*Exercise aim*. In the entries below, find the line with "by rewrite -valid_at_pred" and the line with "have L2_ge0 : 0 <= L ^+ 2 := sqr_ge0 L.". Reproduce those two lines and every line between them exactly, and nothing more.

*Given entries*.
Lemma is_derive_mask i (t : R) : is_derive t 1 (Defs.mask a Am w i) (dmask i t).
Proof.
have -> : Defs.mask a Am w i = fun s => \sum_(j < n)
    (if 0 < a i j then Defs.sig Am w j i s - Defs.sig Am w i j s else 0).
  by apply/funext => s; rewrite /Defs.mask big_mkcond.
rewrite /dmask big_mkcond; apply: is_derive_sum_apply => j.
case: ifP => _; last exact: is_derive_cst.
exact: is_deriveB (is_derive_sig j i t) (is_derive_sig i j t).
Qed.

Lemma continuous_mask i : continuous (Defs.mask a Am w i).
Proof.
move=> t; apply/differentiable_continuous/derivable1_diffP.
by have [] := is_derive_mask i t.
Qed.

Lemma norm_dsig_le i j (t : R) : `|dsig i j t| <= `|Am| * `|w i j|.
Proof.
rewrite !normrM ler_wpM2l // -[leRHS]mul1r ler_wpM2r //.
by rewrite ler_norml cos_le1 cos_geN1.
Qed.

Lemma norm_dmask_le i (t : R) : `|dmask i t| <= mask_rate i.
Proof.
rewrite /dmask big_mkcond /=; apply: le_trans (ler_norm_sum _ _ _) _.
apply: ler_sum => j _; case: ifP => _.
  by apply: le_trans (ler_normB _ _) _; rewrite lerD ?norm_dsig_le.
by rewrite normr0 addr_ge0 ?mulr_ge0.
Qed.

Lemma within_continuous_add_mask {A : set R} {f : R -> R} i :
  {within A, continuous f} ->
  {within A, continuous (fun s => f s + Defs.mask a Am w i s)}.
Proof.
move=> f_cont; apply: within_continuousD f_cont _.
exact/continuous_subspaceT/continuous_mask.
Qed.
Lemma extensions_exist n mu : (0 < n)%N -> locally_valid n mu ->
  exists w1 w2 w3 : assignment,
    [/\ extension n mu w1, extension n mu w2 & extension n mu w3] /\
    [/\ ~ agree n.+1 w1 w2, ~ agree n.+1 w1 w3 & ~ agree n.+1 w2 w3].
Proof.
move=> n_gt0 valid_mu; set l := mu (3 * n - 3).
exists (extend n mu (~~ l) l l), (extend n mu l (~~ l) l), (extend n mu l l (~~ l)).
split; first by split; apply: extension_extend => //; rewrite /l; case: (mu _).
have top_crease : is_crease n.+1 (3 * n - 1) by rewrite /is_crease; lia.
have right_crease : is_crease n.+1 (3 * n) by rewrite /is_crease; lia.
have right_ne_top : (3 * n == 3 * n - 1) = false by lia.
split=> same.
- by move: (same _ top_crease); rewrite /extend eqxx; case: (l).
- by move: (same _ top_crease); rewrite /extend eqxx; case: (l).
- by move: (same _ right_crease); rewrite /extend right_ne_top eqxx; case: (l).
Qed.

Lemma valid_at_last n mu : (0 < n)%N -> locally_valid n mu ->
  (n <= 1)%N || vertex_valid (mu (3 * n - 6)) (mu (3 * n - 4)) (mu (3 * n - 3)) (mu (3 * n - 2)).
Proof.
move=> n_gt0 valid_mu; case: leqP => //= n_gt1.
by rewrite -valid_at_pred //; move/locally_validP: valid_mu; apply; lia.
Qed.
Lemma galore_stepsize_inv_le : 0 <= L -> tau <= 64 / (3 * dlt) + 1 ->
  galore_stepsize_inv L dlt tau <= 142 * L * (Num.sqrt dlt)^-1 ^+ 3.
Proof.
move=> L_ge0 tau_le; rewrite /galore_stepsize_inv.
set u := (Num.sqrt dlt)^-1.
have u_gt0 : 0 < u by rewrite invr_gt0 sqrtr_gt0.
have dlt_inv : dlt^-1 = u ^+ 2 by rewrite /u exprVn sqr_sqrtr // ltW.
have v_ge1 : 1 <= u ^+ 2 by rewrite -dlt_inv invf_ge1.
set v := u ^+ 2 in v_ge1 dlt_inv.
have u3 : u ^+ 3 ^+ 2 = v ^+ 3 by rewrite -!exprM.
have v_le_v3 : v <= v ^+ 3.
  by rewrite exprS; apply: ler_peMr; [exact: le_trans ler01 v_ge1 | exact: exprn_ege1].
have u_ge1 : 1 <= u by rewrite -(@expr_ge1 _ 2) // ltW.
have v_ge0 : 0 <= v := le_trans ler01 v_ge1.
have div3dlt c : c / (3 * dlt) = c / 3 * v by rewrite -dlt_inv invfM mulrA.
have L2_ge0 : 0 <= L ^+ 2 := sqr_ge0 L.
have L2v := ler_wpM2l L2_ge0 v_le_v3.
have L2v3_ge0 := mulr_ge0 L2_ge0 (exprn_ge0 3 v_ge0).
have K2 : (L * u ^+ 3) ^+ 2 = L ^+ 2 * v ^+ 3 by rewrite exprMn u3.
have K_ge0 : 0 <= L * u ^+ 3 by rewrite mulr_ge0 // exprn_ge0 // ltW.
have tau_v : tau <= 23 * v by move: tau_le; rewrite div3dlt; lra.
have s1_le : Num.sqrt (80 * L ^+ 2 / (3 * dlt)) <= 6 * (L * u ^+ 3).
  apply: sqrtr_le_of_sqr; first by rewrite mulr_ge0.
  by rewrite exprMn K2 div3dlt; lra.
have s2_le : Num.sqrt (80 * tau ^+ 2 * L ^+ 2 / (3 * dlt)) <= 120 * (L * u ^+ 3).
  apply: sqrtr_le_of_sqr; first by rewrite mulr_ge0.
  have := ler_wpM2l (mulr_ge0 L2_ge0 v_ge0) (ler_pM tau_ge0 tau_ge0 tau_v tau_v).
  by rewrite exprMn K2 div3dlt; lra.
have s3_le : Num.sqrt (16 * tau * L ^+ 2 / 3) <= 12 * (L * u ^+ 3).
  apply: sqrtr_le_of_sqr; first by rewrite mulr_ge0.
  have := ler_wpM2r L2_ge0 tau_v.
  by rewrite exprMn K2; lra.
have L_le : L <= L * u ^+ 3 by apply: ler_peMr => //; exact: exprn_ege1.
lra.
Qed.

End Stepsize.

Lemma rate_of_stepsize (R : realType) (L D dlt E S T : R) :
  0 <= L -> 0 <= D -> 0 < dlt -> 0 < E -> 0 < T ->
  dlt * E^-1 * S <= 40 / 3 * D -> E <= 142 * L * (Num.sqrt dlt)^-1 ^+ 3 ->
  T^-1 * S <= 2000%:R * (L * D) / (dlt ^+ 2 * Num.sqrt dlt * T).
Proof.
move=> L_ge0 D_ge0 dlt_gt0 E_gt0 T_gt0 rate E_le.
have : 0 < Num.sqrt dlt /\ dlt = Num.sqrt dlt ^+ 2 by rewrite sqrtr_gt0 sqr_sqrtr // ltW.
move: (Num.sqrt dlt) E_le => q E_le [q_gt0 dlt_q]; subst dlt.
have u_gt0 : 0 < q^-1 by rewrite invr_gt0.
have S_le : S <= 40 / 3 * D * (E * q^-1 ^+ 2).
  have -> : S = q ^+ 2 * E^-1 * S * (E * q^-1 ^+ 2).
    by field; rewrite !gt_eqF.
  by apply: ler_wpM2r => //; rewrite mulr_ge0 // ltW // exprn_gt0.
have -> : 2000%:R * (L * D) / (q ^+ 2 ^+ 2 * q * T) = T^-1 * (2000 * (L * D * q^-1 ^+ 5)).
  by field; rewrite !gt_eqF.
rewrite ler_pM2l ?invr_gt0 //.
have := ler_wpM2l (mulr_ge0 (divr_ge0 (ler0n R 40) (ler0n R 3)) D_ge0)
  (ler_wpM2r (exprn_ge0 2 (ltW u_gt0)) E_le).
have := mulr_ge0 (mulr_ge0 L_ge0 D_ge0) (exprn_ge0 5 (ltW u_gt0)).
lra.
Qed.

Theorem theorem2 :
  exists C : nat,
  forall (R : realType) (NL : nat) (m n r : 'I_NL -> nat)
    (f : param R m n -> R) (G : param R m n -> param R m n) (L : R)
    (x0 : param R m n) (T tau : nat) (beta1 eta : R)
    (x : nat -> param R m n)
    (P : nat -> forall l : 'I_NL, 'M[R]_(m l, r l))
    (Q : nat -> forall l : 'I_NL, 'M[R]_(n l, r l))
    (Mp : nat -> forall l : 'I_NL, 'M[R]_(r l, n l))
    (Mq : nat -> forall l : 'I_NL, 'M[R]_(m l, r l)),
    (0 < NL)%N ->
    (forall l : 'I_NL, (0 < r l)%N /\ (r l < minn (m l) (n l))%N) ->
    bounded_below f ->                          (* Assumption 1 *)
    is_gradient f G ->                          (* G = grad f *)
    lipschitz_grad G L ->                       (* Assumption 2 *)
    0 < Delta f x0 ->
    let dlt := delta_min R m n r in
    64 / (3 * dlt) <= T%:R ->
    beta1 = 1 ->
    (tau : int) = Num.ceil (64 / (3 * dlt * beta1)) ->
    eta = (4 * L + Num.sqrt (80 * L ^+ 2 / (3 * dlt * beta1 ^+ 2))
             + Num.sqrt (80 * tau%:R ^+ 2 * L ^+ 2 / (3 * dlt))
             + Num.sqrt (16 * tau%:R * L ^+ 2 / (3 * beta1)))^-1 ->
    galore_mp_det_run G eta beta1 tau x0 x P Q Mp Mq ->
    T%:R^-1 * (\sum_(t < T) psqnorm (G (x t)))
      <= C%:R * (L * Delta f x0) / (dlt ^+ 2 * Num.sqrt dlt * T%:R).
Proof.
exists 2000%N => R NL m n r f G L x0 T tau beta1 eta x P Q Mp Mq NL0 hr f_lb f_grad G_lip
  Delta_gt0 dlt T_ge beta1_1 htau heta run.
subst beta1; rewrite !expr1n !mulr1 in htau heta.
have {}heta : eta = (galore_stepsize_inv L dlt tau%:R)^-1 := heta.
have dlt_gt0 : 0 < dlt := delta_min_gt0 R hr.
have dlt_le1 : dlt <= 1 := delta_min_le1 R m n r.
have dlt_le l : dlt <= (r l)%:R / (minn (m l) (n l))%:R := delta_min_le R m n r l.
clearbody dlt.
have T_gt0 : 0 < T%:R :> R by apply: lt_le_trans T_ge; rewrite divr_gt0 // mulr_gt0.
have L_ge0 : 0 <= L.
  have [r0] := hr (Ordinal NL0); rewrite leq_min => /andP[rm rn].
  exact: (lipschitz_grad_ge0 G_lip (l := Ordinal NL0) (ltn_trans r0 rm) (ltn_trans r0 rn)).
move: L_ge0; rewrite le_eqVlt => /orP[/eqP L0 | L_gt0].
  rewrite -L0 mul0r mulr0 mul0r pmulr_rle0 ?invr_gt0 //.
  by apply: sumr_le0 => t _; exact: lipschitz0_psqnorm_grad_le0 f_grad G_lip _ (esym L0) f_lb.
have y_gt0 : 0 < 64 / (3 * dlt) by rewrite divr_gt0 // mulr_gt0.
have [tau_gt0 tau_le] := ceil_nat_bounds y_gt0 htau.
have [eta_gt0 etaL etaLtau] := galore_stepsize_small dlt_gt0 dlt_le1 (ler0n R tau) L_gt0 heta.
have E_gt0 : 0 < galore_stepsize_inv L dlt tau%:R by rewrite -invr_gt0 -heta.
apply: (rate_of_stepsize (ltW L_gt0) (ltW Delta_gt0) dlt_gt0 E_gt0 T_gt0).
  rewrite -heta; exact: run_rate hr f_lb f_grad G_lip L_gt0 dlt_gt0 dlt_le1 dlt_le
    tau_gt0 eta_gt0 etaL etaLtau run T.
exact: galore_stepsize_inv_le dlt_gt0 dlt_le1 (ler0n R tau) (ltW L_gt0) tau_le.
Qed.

*Output below*.
by rewrite -valid_at_pred //; move/locally_validP: valid_mu; apply; lia.
Qed.
Lemma galore_stepsize_inv_le : 0 <= L -> tau <= 64 / (3 * dlt) + 1 ->
  galore_stepsize_inv L dlt tau <= 142 * L * (Num.sqrt dlt)^-1 ^+ 3.
Proof.
move=> L_ge0 tau_le; rewrite /galore_stepsize_inv.
set u := (Num.sqrt dlt)^-1.
have u_gt0 : 0 < u by rewrite invr_gt0 sqrtr_gt0.
have dlt_inv : dlt^-1 = u ^+ 2 by rewrite /u exprVn sqr_sqrtr // ltW.
have v_ge1 : 1 <= u ^+ 2 by rewrite -dlt_inv invf_ge1.
set v := u ^+ 2 in v_ge1 dlt_inv.
have u3 : u ^+ 3 ^+ 2 = v ^+ 3 by rewrite -!exprM.
have v_le_v3 : v <= v ^+ 3.
  by rewrite exprS; apply: ler_peMr; [exact: le_trans ler01 v_ge1 | exact: exprn_ege1].
have u_ge1 : 1 <= u by rewrite -(@expr_ge1 _ 2) // ltW.
have v_ge0 : 0 <= v := le_trans ler01 v_ge1.
have div3dlt c : c / (3 * dlt) = c / 3 * v by rewrite -dlt_inv invfM mulrA.
have L2_ge0 : 0 <= L ^+ 2 := sqr_ge0 L.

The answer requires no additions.